A field in the Mediterranean was producing sour gas at a rate that would render production untenable. One of the wells was producing 24,000-ppm H2S with an expected increase to 46,000 ppm within a few years. While the lower rate allowed production as long as it was coincident with other, sweeter wells in the region, the rising sourness eventually would render operation impossible. To counter this trend, a stage-gate process was established to identify potential solutions and an array of technologies was proposed.

The main criteria that have been considered for the selection of gas-­sweetening technologies are cost, operability, and efficiency. The selected options would be analyzed on the basis of these criteria using a screening sheet upon which each criterion had been broken into key elements (the screening method is detailed in Appendix A of the complete paper). The selected option ideally should be low-cost, highly efficient, and environmentally friendly.

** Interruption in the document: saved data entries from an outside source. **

(* Let $\mathbb{K}$ be a field of characteristic zero and let $f=\frac{b}{c\,d^\lambda}\in\mathbb{K}(x,y,z)$, where $\lambda$ is a positive integer, $b,d\in\mathbb{K}[x,y,z]$, $c\in\mathbb{K}[x,y]$, $d$ is irreducible, $b,c,d$ are primitive as polynomials in $y,z$, and $\deg_z(b)<\deg_z(d)$. Suppose there is a positive integer $m$ with $\sigma_x^m(d)=\sigma_y^n\sigma_z^k(d)$ for some $n,k\in\mathbb{Z}$; let $m$ be the smallest such positive integer and fix integers $n,k$ with $\sigma_x^m(d)=\sigma_y^n\sigma_z^k(d)$. If one of the following holds: (i) there exist $n_1,n_2,k_1,k_2\in\mathbb{Z}$ with $n_1,n_2>0$ such that $\sigma_y^{n_1}(d)=\sigma_z^{k_1}(d)$ and $\sigma_x^{n_2}(c)=\sigma_y^{k_2}(c)$; (ii) there exists a positive integer $t$ such that $\sigma_x^{tm}(c)=\sigma_y^{tn}(c)$; then $f$ has a telescoper.
   Context: $\sigma_x,\sigma_y,\sigma_z$ are the shift automorphisms of $\mathbb{K}(x,y,z)$: $\sigma_x(f)=f(x+1,y,z)$, $\sigma_y(f)=f(x,y+1,z)$, $\sigma_z(f)=f(x,y,z+1)$. A rational function $g\in\mathbb{K}(x,y,z)$ is $(\sigma_y,\sigma_z)$-summable if $g=\sigma_y(u)-u+\sigma_z(v)-v$ for some $u,v\in\mathbb{K}(x,y,z)$. A telescoper for $f$ is a nonzero operator $L=\sum_i \ell_i S_x^i$ with $\ell_i\in\mathbb{K}(x)$ such that $L(f)=\sum_i\ell_i f(x+i,y,z)$ is $(\sigma_y,\sigma_z)$-summable. *)

From HB Require Import structures.
From mathcomp Require Import all_boot all_order all_algebra.
From mathcomp Require Import fraction generic_quotient.
From mathcomp.multinomials Require Import mpoly.
Set Implicit Arguments. Unset Strict Implicit. Unset Printing Implicit Defensive.
Import GRing.Theory.
Local Open Scope ring_scope.

Notation "x %:F" := (@FracField.tofrac _ x) : ring_scope.

Definition ix : 'I_3 := @Ordinal 3 0 isT.
Definition iy : 'I_3 := @Ordinal 3 1 isT.
Definition iz : 'I_3 := @Ordinal 3 2 isT.

Section Defs.
Variable K : fieldType.

Notation P := {mpoly K[3]}.
Notation RF := {fraction P}.

(* p(x,y,z) |-> p(x+a, y+b, z+c), i.e. sigma_x^a sigma_y^b sigma_z^c on K[x,y,z] *)
Definition shift (a b c : int) (p : P) : P :=
  comp_mpoly [tuple 'X_ix + (a%:~R)%:MP; 'X_iy + (b%:~R)%:MP; 'X_iz + (c%:~R)%:MP] p.

Definition fshift (a b c : int) (u : RF) : RF :=
  let r := repr u in (shift a b c (\n_r))%:F / (shift a b c (\d_r))%:F.

Definition sigma_x (u : RF) : RF := fshift 1 0 0 u.
Definition sigma_y (u : RF) : RF := fshift 0 1 0 u.
Definition sigma_z (u : RF) : RF := fshift 0 0 1 u.

Definition in_Kx (p : P) : Prop :=
  forall m, m \in msupp p -> (m iy = 0)%N /\ (m iz = 0)%N.
Definition in_Kxy (p : P) : Prop :=
  forall m, m \in msupp p -> (m iz = 0)%N.
Definition in_Kx_frac (u : RF) : Prop :=
  exists p q : P, [/\ in_Kx p, in_Kx q, q != 0 & u = p%:F / q%:F].

Definition mdvd (g p : P) : Prop := exists h : P, p = g * h.

(* primitive as a polynomial in y,z over K[x]: every common divisor of the
   coefficients (an element of K[x] dividing p) is a constant *)
Definition primitive_yz (p : P) : Prop :=
  forall g : P, in_Kx g -> mdvd g p -> (msize g <= 1)%N.

Definition mirreducible (p : P) : Prop :=
  (1 < msize p)%N /\ forall g h : P, p = g * h -> (msize g <= 1)%N \/ (msize h <= 1)%N.

Definition degz (p : P) : nat := \max_(m <- msupp p) m iz.

Definition summable_yz (g : RF) : Prop :=
  exists u v : RF, g = sigma_y u - u + (sigma_z v - v).

(* L = sum_i l_i S_x^i with l_i in K(x), L <> 0, and L(f) summable *)
Definition has_telescoper (f : RF) : Prop :=
  exists l : seq RF,
    [/\ forall r, r \in l -> in_Kx_frac r,
        has (fun r => r != 0) l &
        summable_yz (\sum_(i < size l) l`_i * fshift (Posz i) 0 0 f)].
End Defs.

From HB Require Import structures.
From mathcomp Require Import all_boot all_order all_algebra.
From mathcomp Require Import fraction generic_quotient.
From mathcomp.multinomials Require Import mpoly.
From mathcomp Require Import ring zify.
Set Implicit Arguments. Unset Strict Implicit. Unset Printing Implicit Defensive.
Import GRing.Theory.
Local Open Scope ring_scope.

(* Only one consequence of the hypotheses is used: c and d, hence the whole
   denominator q = c d^lam, are fixed by a common shift
   sigma = sigma_x^M sigma_y^A sigma_z^B with M > 0.  The shifts fixing a
   polynomial form a subgroup of Z^3, and c, lying in K[x,y], is fixed by every
   sigma_z^e; in both cases (i) and (ii) an integer combination of the given
   relations produces such a common shift.  Shifts do not raise the total
   degree, so the polynomials sigma^j(b) lie in a finite-dimensional space and
   satisfy a nontrivial relation sum_j kap_j sigma^j(b) = 0 with kap_j in K.
   Since sigma^j(f) = sigma^j(b) / q, the operator L = sum_j kap_j S_x^(jM) gives
   L(f) = sum_j kap_j (sigma_x^(jM) f - sigma_y^(jA) sigma_z^(jB) sigma_x^(jM) f),
   and every difference g - sigma_y^a sigma_z^b g telescopes into a
   (sigma_y, sigma_z)-summable function.  Primitivity of c and irreducibility
   of d serve only to make the denominator nonzero. *)

Lemma comp_mpolyA (n k l : nat) (R : comNzRingType) (lq : k.-tuple {mpoly R[l]})
    (lr : n.-tuple {mpoly R[k]}) (p : {mpoly R[n]}) :
  p \mPo lr \mPo lq = p \mPo map_tuple (comp_mpoly lq) lr.
Proof.
rewrite [p \mPo lr]comp_mpolyE [RHS]comp_mpolyE raddf_sum /=; apply: eq_bigr => m _.
rewrite linearZ /= rmorph_prod /=; congr (_ *: _); apply: eq_bigr => i _.
by rewrite rmorphXn tnth_map.
Qed.

Section MsizeComp.
Variables (n k : nat) (R : idomainType).

Lemma msizeM_leq (p q : {mpoly R[k]}) : (msize (p * q) <= (msize p + msize q).-1)%N.
Proof.
have [->|p0] := eqVneq p 0; first by rewrite mul0r msize0.
have [->|q0] := eqVneq q 0; first by rewrite mulr0 msize0.
by rewrite msizeM.
Qed.

Lemma msize_prod_leq (I : Type) (r : seq I) (F : I -> {mpoly R[k]}) (w : I -> nat) :
    (forall i, msize (F i) <= (w i).+1)%N ->
  (msize (\prod_(i <- r) F i) <= (\sum_(i <- r) w i).+1)%N.
Proof.
move=> hF; elim: r => [|i r IH]; first by rewrite !big_nil msize1.
rewrite !big_cons; apply: leq_trans (msizeM_leq _ _) _.
by have := hF i; move: IH; lia.
Qed.

Lemma msize_comp_mpoly_leq (lq : n.-tuple {mpoly R[k]}) (p : {mpoly R[n]}) :
  (forall i, msize (tnth lq i) <= 2)%N -> (msize (p \mPo lq) <= msize p)%N.
Proof.
move=> hlq; rewrite comp_mpolyE; apply: leq_trans (msize_sum _ _ _) _.
apply/bigmax_leqP_seq => m /msize_mdeg_lt hm _.
apply: leq_trans (msizeZ_le _ _) _; apply: leq_trans hm; rewrite mdegE.
apply: msize_prod_leq => i; rewrite -[m i]card_ord -prodr_const.
have := @msize_prod_leq _ (index_enum 'I_(m i)) (fun=> tnth lq i) (fun=> 1%N) (fun=> hlq i).
by rewrite sum1_card card_ord.
Qed.

End MsizeComp.

Lemma msize_bounded_lin_dep (n s : nat) (K : fieldType) (g : nat -> {mpoly K[n]}) :
    (forall j, msize (g j) <= s)%N ->
  exists (N : nat) (kap : nat -> K),
    (exists2 j, (j <= N)%N & kap j != 0) /\ \sum_(j < N.+1) kap j *: g j = 0.
Proof.
move=> hg; pose T : finType := ('X_{1..n < s})%type.
pose A : 'M[K]_(#|T|.+1, #|T|) := \matrix_(j, i) (g j)@_(val (enum_val i)).
have : kermx A != 0.
  by rewrite kermx_eq0 -row_leq_rank -ltnNge ltnS rank_leq_col.
case/rowV0Pn => v /sub_kermxP hv /rV0Pn [j0 vj0].
exists #|T|, (fun j => if (j < #|T|.+1)%N then v 0 (inord j) else 0); split.
  by exists j0; rewrite ?ltn_ord ?inord_val // -ltnS ltn_ord.
apply/mpolyP => m; rewrite mcoeff0 raddf_sum /=.
have [hm|hm] := ltnP (mdeg m) s.
  have := congr1 (fun M : 'M[K]_(1, #|T|) => M 0 (enum_rank (BMultinom hm : T))) hv.
  rewrite !mxE => hm0; apply: etrans hm0; apply: eq_bigr => j _.
  by rewrite ltn_ord inord_val mcoeffZ mxE enum_rankK.
rewrite big1 // => j _; rewrite mcoeffZ memN_msupp_eq0 ?mulr0 //.
exact/msize_mdeg_ge/(leq_trans (hg j)).
Qed.

Section BigNatDvdn.
Variables (R : Type) (idx : R) (op : Monoid.law idx).

Lemma big_nat_dvdn (M N : nat) (F : nat -> R) : (0 < M)%N ->
  \big[op/idx]_(0 <= i < N * M | (M %| i)%N) F i = \big[op/idx]_(0 <= j < N) F (j * M)%N.
Proof.
move=> M_gt0; rewrite big_mkcond big_nat_mul; apply: eq_bigr => j _.
rewrite mulSn addnC -{1}[(j * M)%N]add0n big_addn addKn.
case: M M_gt0 => // M _; rewrite big_ltn // add0n dvdn_mull //.
rewrite big1_seq ?Monoid.mulm1 // => i /andP[_]; rewrite mem_index_iota => /andP[i_gt0 i_lt].
by rewrite (dvdn_addl _ (dvdn_mull _ (dvdnn _))) gtnNdvd.
Qed.

End BigNatDvdn.

Section FracRepr.
Variable R : idomainType.
Implicit Types (p q : R) (u : {fraction R}).

Lemma frac_repr u : u = (\n_(repr u))%:F / (\d_(repr u))%:F.
Proof.
apply: (canRL (mulfK _)); first by rewrite tofrac_eq0 denom_ratioP.
rewrite -{1}[u]reprK !piE; apply/eqmodP; rewrite /= FracField.equivfE /FracField.mulf.
by rewrite !numden_Ratio ?mulf_neq0 ?oner_eq0 ?denom_ratioP // !mulr1 mulrC.
Qed.

Lemma fracP u : exists p q, q != 0 /\ u = p%:F / q%:F.
Proof. by exists (\n_(repr u)), (\d_(repr u)); rewrite -frac_repr denom_ratioP. Qed.

Lemma eq_frac p q p' q' : q != 0 -> q' != 0 ->
  (p%:F / q%:F == p'%:F / q'%:F :> {fraction R}) = (p * q' == p' * q).
Proof. by move=> q0 q'0; rewrite eqr_div ?tofrac_eq0 // -!tofracM tofrac_eq. Qed.

End FracRepr.

HB.instance Definition _ (K : fieldType) (a b c : int) :=
  GRing.RMorphism.copy (@shift K a b c) (comp_mpoly _).

Section Shift.
Variable K : fieldType.
Notation P := {mpoly K[3]}.
Notation RF := {fraction P}.
Implicit Types (a b c : int) (p q : P) (u v : RF).

Lemma shift_shift a b c a' b' c' p :
  shift a b c (shift a' b' c' p) = shift (a + a') (b + b') (c + c') p.
Proof.
rewrite /shift comp_mpolyA; congr comp_mpoly; apply: eq_from_tnth => i.
rewrite tnth_map; case: i => [[|[|[|i]]] Hi] //; rewrite /tnth /=;
  by rewrite raddfD /= comp_mpolyXU comp_mpolyC /= intrD mpolyCD addrA.
Qed.

Lemma shift0 p : shift 0 0 0 p = p.
Proof.
rewrite /shift -[RHS]comp_mpoly_id; congr comp_mpoly; apply: eq_from_tnth => i.
rewrite tnth_mktuple; case: i => [[|[|[|i]]] Hi] //; rewrite /tnth /= mpolyC0 addr0;
  by congr (mpolyX _ _); apply: val_inj.
Qed.

Lemma shiftK a b c : cancel (@shift K a b c) (shift (- a) (- b) (- c)).
Proof. by move=> p; rewrite shift_shift !addNr shift0. Qed.

Lemma shift_inj a b c : injective (@shift K a b c).
Proof. exact: can_inj (shiftK a b c). Qed.

Lemma shift_eq0 a b c p : (shift a b c p == 0) = (p == 0).
Proof. by rewrite -{1}(rmorph0 (@shift K a b c)) (inj_eq (@shift_inj a b c)). Qed.

Lemma msize_shift_leq a b c p : (msize (shift a b c p) <= msize p)%N.
Proof.
apply: msize_comp_mpoly_leq => -[[|[|[|i]]] Hi] //; rewrite /tnth /=;
  apply: leq_trans (msizeD_le _ _) _;
  by rewrite geq_max msizeC msizeX mdeg1; case: (_ != 0).
Qed.

Lemma fshift_frac a b c p q : q != 0 ->
  fshift a b c (p%:F / q%:F) = (shift a b c p)%:F / (shift a b c q)%:F.
Proof.
move=> q0; rewrite /fshift; set u := p%:F / q%:F.
have /eqP : u = (\n_(repr u))%:F / (\d_(repr u))%:F := frac_repr u.
rewrite eq_frac ?denom_ratioP // => /eqP/(congr1 (shift a b c)); rewrite !rmorphM => e.
by apply/eqP; rewrite eq_frac ?shift_eq0 ?denom_ratioP // e.
Qed.

Lemma fshift_is_monoid_morphism a b c : monoid_morphism (@fshift K a b c).
Proof.
split=> [|u v].
  by rewrite -[1]divr1 -tofrac1 fshift_frac ?oner_eq0 // rmorph1 tofrac1 divr1.
have [p [q [q0 ->]]] := fracP u; have [p' [q' [q'0 ->]]] := fracP v.
rewrite mulf_div -!tofracM !fshift_frac ?mulf_neq0 //.
by rewrite mulf_div -!tofracM !rmorphM.
Qed.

Offshore Acid-Gas Removal Options

These technologies included the following:

  • H2S scavengers
  • Absorption processes
    • Regenerative absorption
    • Nonregenerative absorption
  • Adsorption H2S-removal processes
    • Regenerative adsorption
    • Nonregenerative adsorption
  • Membrane separation

The membrane-separation units consist of many polymerized hollow fibers arranged asymmetrically and formed into loose bundles of membrane elements. When a pressure differential is applied, the molecules diffuse into the pores of the polymeric material and transport (permeation) occurs across the membrane. Membrane units have relatively modest layout requirements, and CAPEX can be modest to high.

Acid-Gas Disposal-Treatment Options

Claus+TGTU. In the Claus process, H2S is treated with air (oxygen) over a catalyst to form elemental sulfur and water. The tail gas from a Claus unit goes through a tail-gas cleanup or TGTU process.

Liquid-Redox Process. Processes in this group absorb H2S from gas streams and react oxygen with the H2S to form elemental sulfur and water. Iron-chelate processes belong to the liquid-redox sulfur-recovery group and are the most commonly used active redox reagents. A chelating agent is generally an organic molecule able to bind with a metallic cation in such a way that the cation is ­sequestered from the solution.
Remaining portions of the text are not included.